# Task details
Begin at the line below that contains "intros [K [HK [K0 [K1 Kx]]]]." and write out every line from there to the end of the entries, exactly.

# Records for this exercise

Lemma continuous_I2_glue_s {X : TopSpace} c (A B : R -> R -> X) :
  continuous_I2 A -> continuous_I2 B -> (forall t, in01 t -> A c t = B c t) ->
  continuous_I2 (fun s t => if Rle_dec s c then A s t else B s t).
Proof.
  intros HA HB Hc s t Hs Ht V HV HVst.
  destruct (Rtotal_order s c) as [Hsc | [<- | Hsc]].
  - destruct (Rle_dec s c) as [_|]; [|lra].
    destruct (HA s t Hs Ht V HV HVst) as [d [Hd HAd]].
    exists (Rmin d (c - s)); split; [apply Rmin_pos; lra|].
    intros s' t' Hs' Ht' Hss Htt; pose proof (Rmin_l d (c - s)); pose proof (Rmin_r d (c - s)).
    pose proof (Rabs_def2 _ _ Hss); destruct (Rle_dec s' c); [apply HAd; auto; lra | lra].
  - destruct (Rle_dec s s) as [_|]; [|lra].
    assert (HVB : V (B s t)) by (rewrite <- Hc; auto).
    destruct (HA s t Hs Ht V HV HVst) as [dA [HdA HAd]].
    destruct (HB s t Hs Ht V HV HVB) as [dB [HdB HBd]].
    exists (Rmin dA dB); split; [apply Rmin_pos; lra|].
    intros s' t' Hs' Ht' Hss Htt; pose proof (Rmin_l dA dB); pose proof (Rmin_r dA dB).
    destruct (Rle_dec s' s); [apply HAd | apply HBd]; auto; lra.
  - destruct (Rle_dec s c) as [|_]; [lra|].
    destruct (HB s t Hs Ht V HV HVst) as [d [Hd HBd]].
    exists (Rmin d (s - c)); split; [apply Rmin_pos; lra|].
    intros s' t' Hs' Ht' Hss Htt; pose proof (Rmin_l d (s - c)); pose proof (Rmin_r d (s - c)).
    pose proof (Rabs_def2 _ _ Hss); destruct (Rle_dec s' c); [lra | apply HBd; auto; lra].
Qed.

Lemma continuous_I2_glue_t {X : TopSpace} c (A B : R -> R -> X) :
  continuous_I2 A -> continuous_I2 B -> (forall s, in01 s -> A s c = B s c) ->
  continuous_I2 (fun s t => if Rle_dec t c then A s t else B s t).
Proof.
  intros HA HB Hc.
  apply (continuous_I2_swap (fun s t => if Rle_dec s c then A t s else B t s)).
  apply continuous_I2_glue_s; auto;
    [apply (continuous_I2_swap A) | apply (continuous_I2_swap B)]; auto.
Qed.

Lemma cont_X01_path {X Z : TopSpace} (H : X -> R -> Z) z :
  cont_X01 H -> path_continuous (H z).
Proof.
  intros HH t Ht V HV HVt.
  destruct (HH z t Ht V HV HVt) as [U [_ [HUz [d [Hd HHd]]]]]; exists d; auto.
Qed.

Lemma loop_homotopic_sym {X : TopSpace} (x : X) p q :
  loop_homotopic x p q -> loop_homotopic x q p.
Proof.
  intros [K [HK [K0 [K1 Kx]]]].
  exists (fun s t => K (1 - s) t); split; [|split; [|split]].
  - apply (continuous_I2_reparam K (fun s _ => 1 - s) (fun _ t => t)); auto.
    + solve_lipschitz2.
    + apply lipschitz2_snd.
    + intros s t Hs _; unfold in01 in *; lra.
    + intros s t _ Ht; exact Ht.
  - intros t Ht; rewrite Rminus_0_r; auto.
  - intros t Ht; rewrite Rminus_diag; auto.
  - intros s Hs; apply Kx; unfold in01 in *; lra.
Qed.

# Solution for this exercise
  intros [K [HK [K0 [K1 Kx]]]].
  exists (fun s t => K (1 - s) t); split; [|split; [|split]].
  - apply (continuous_I2_reparam K (fun s _ => 1 - s) (fun _ t => t)); auto.
    + solve_lipschitz2.
    + apply lipschitz2_snd.
    + intros s t Hs _; unfold in01 in *; lra.
    + intros s t _ Ht; exact Ht.
  - intros t Ht; rewrite Rminus_0_r; auto.
  - intros t Ht; rewrite Rminus_diag; auto.
  - intros s Hs; apply Kx; unfold in01 in *; lra.
Qed.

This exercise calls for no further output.